→ **PROBLEM STATEMENT**:
What lines of the data hold the string "Prop"? Pull each one out.

→ **LISTED RECORDS**:
[Start of Attachment]
(* Let $g\ge 1$, let $n\in\mathbb{Z}\setminus\{0\}$, and let $u_1,\dots,u_{2g+1}$ be pairwise distinct complex numbers, regarded as varying in a small open set. Consider the hyperelliptic curve $v^2=(u-u_1)\cdots(u-u_{2g+1})$. Let $\gamma$ be a closed cycle on this curve that avoids the branch points and the point at infinity, transported continuously as the $u_j$ vary. Define $$a_i=\oint_\gamma \frac{v^n\,du}{u-u_i},\qquad i=1,\dots,2g+1,$$ as functions of $(u_1,\dots,u_{2g+1})$. Then $$\frac{\partial a_i}{\partial u_j}=\frac{n}{2}\,\frac{a_i-a_j}{u_j-u_i}\quad\text{for all } i\neq j,\qquad\text{and}\qquad \sum_{i=1}^{2g+1}a_i=0.$$
   Context: The system in the conclusion is the upper triangular reduction of the rank two Schlesinger system. In this reduction all residue matrices have eigenvalues $\pm n/4$: $A^{(i)}=\begin{pmatrix} n/4 & a_i\\ 0 & -n/4\end{pmatrix}$. *)

From Stdlib Require Import Reals ZArith.
From Coquelicot Require Import Coquelicot.
Open Scope R_scope.

(* Integer powers of complex numbers (v <> 0 when n < 0). *)
Definition Cpowz (v : C) (n : Z) : C :=
  match n with
  | Z0 => RtoC 1
  | Zpos p => Cpow v (Pos.to_nat p)
  | Zneg p => Cinv (Cpow v (Pos.to_nat p))
  end.

(* Points of C^N are represented as U : nat -> C, only the indices k < N matter. *)

Fixpoint Cprod_lt (N : nat) (f : nat -> C) : C :=
  match N with
  | O => RtoC 1
  | S m => Cmult (Cprod_lt m f) (f m)
  end.

Fixpoint Csum_lt (N : nat) (f : nat -> C) : C :=
  match N with
  | O => RtoC 0
  | S m => Cplus (Csum_lt m f) (f m)
  end.

Definition close_lt (N : nat) (U U' : nat -> C) (d : R) : Prop :=
  forall k, (k < N)%nat -> Cmod (Cminus (U' k) (U k)) < d.

Definition open_CN (N : nat) (Om : (nat -> C) -> Prop) : Prop :=
  forall U, Om U -> exists d, 0 < d /\ forall U', close_lt N U U' d -> Om U'.

Definition shift_coord (U : nat -> C) (j : nat) (h : C) : nat -> C :=
  fun k => if Nat.eqb k j then Cplus (U k) h else U k.

Definition has_partial (F : (nat -> C) -> C) (U : nat -> C) (j : nat) (L : C) : Prop :=
  filterlim (fun h : C => Cdiv (Cminus (F (shift_coord U j h)) (F U)) h)
            (locally' (0 : C)) (locally L).

Definition jointly_continuous_on (N : nat) (Om : (nat -> C) -> Prop)
  (V : (nat -> C) -> R -> C) : Prop :=
  forall U t, Om U -> 0 <= t <= 1 ->
    forall eps, 0 < eps -> exists d, 0 < d /\
      forall U' t', Om U' -> 0 <= t' <= 1 -> close_lt N U U' d -> Rabs (t' - t) < d ->
        Cmod (Cminus (V U' t') (V U t)) < eps.

(* a_i(U) = \oint_gamma v^n du / (u - u_i), with the cycle parametrised by
   t in [0,1] |-> (gamma t, V U t). *)
Definition a_coef (n : Z) (gamma gamma' : R -> C) (V : (nat -> C) -> R -> C)
  (i : nat) (U : nat -> C) : C :=
  RInt (V := C_R_CompleteNormedModule)
    (fun t => Cdiv (Cmult (Cpowz (V U t) n) (gamma' t)) (Cminus (gamma t) (U i))) 0 1.
Lemma tensm_decomp_r {x x' y y' : ob M} (f : hom M x x') (g : hom M y y') :
  f ⊗ g = (idm x' ⊗ g) ∘ (f ⊗ idm y).
Proof. rewrite <- tens_comp, comp_id_l, comp_id_r. reflexivity. Qed.

Lemma assoc_nat1 (x x' y z : ob M) (f : hom M x x') :
  assoc x' y z ∘ ((f ⊗ idm y) ⊗ idm z) = (f ⊗ idm (tens y z)) ∘ assoc x y z.
Proof. rewrite <- tens_id. apply assoc_nat. Qed.

Lemma assoc_nat2 (x y y' z : ob M) (g : hom M y y') :
  assoc x y' z ∘ ((idm x ⊗ g) ⊗ idm z) = (idm x ⊗ (g ⊗ idm z)) ∘ assoc x y z.
Proof. apply assoc_nat. Qed.

Lemma assoc_nat3 (x y z z' : ob M) (h : hom M z z') :
  assoc x y z' ∘ (idm (tens x y) ⊗ h) = (idm x ⊗ (idm y ⊗ h)) ∘ assoc x y z.
Proof. rewrite <- tens_id. apply assoc_nat. Qed.

Lemma tensm_unitl_inj (x y : ob M) (f g : hom M x y) :
  idm unit ⊗ f = idm unit ⊗ g -> f = g.
Proof.
  intro E. apply (iso_epi (lunit x)); [exact (lunit_iso M x) |].
  rewrite <- !lunit_nat, E. reflexivity.
Qed.

Lemma tensm_unitr_inj (x y : ob M) (f g : hom M x y) :
  f ⊗ idm unit = g ⊗ idm unit -> f = g.
Proof.
  intro E. apply (iso_epi (runit x)); [exact (runit_iso M x) |].
  rewrite <- !runit_nat, E. reflexivity.
Qed.

Lemma lunit_tens (x y : ob M) :
  lunit (tens x y) ∘ assoc unit x y = lunit x ⊗ idm y.
Proof.
  apply tensm_unitl_inj.
  apply (iso_epi (assoc unit (tens unit x) y ∘ (assoc unit unit x ⊗ idm y))).
  { apply is_iso_comp; [exact (assoc_iso M _ _ _) |].
    apply is_iso_tensm; [exact (assoc_iso M _ _ _) | apply is_iso_idm]. }
  rewrite tensm_idl_comp, <- comp_assoc, <- pentagon, comp_assoc, triangle,
    <- assoc_nat1, <- triangle, tensm_idr_comp, comp_assoc, assoc_nat2, <- !comp_assoc.
  reflexivity.
Qed.

Lemma runit_tens (x y : ob M) :
  (idm x ⊗ runit y) ∘ assoc x y unit = runit (tens x y).
Proof.
  apply tensm_unitr_inj.
  apply (iso_mono (assoc x y unit)); [exact (assoc_iso M _ _ _) |].
  rewrite tensm_idr_comp, comp_assoc, assoc_nat2, <- (triangle M y unit), tensm_idl_comp,
    <- !comp_assoc, <- pentagon, comp_assoc, <- assoc_nat3, <- comp_assoc, triangle.
  reflexivity.
Qed.

Lemma lunit_unit : lunit (@unit M) = runit unit.
Proof.
  apply tensm_unitr_inj.
  assert (E : idm unit ⊗ lunit unit = lunit (tens (@unit M) unit)).
  { apply (iso_mono (lunit unit)); [exact (lunit_iso M _) |]. apply lunit_nat. }
  rewrite <- lunit_tens, <- E, triangle. reflexivity.
Qed.

Lemma tensm_unitl_surj (x y : ob M) (k : hom M (tens unit x) (tens unit y)) :
  exists h, idm unit ⊗ h = k.
Proof.
  destruct (lunit_iso M x) as [linv [Hl _]].
  exists (lunit y ∘ k ∘ linv).
  apply (iso_mono (lunit y)); [exact (lunit_iso M y) |].
  rewrite lunit_nat, <- !comp_assoc, Hl, comp_id_r. reflexivity.
Qed.

Lemma is_iso_of_tensm_unitl (x y : ob M) (h : hom M x y) :
  is_iso M _ _ (idm unit ⊗ h) -> is_iso M _ _ h.
Proof.
  intro Hh. destruct (lunit_iso M x) as [linv Hl].
  replace h with (lunit y ∘ (idm unit ⊗ h) ∘ linv).
  - apply is_iso_comp; [exact (lunit_iso M y) |].
    apply is_iso_comp; [exact Hh |]. exists (lunit x). apply is_inverse_sym, Hl.
  - rewrite comp_assoc, lunit_nat, <- comp_assoc, (proj2 Hl), comp_id_r. reflexivity.
Qed.

Lemma lunit_tensm_runit (z : ob M) (e : hom M z unit) :
  is_iso M _ _ e -> lunit z ∘ (e ⊗ idm z) = runit z ∘ (idm z ⊗ e).
Proof.
  intro He. apply (iso_mono e He).
  rewrite !comp_assoc, <- lunit_nat, <- runit_nat, <- !comp_assoc,
    <- !tensm_decomp_l, <- tensm_decomp_r, lunit_unit.
  reflexivity.
Qed.

Section AdjointEquivalence.
Variables (x y : ob M) (i : hom M unit (tens x y)).
Hypothesis i_iso : is_iso M _ _ i.

Definition zigzag (e : hom M (tens y x) unit) : hom M (tens unit x) (tens x unit) :=
  (idm x ⊗ e) ∘ assoc x y x ∘ (i ⊗ idm x).

Lemma tensm_idr_inj (a b : ob M) (f g : hom M a b) :
  f ⊗ idm x = g ⊗ idm x -> f = g.
Proof.
  intro E.
  assert (Exy : f ⊗ idm (tens x y) = g ⊗ idm (tens x y)).
  { apply (iso_epi (assoc a x y)); [exact (assoc_iso M _ _ _) |].
    rewrite <- !assoc_nat1, E. reflexivity. }
  apply tensm_unitr_inj, (iso_mono (idm b ⊗ i)).
  { apply is_iso_tensm; [apply is_iso_idm | exact i_iso]. }
  rewrite <- !tensm_decomp_r, (tensm_decomp_l f i), (tensm_decomp_l g i), Exy.
  reflexivity.
Qed.

Lemma zigzag_twist (e : hom M (tens y x) unit) (h : hom M x x) :
  zigzag (e ∘ (idm y ⊗ h)) = zigzag e ∘ (idm unit ⊗ h).
Proof.
  unfold zigzag.
  rewrite tensm_idl_comp, <- comp_assoc, (comp_assoc _ _ _ _ _ (idm x ⊗ (idm y ⊗ h))),
    <- assoc_nat3, <- comp_assoc, <- tensm_decomp_r, (tensm_decomp_l i h), !comp_assoc.
  reflexivity.
Qed.

Lemma is_iso_zigzag (e : hom M (tens y x) unit) :
  is_iso M _ _ e -> is_iso M _ _ (zigzag e).
Proof.
  intro He. unfold zigzag.
  apply is_iso_comp; [apply is_iso_tensm; [apply is_iso_idm | exact He] |].
  apply is_iso_comp; [exact (assoc_iso M x y x) |].
  apply is_iso_tensm; [exact i_iso | apply is_iso_idm].
Qed.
[End of Attachment]
→ **RESULT OF THIS EXERCISE**:
Definition close_lt (N : nat) (U U' : nat -> C) (d : R) : Prop :=
Definition open_CN (N : nat) (Om : (nat -> C) -> Prop) : Prop :=
Definition has_partial (F : (nat -> C) -> C) (U : nat -> C) (j : nat) (L : C) : Prop :=
Definition jointly_continuous_on (N : nat) (Om : (nat -> C) -> Prop)
  (V : (nat -> C) -> R -> C) : Prop :=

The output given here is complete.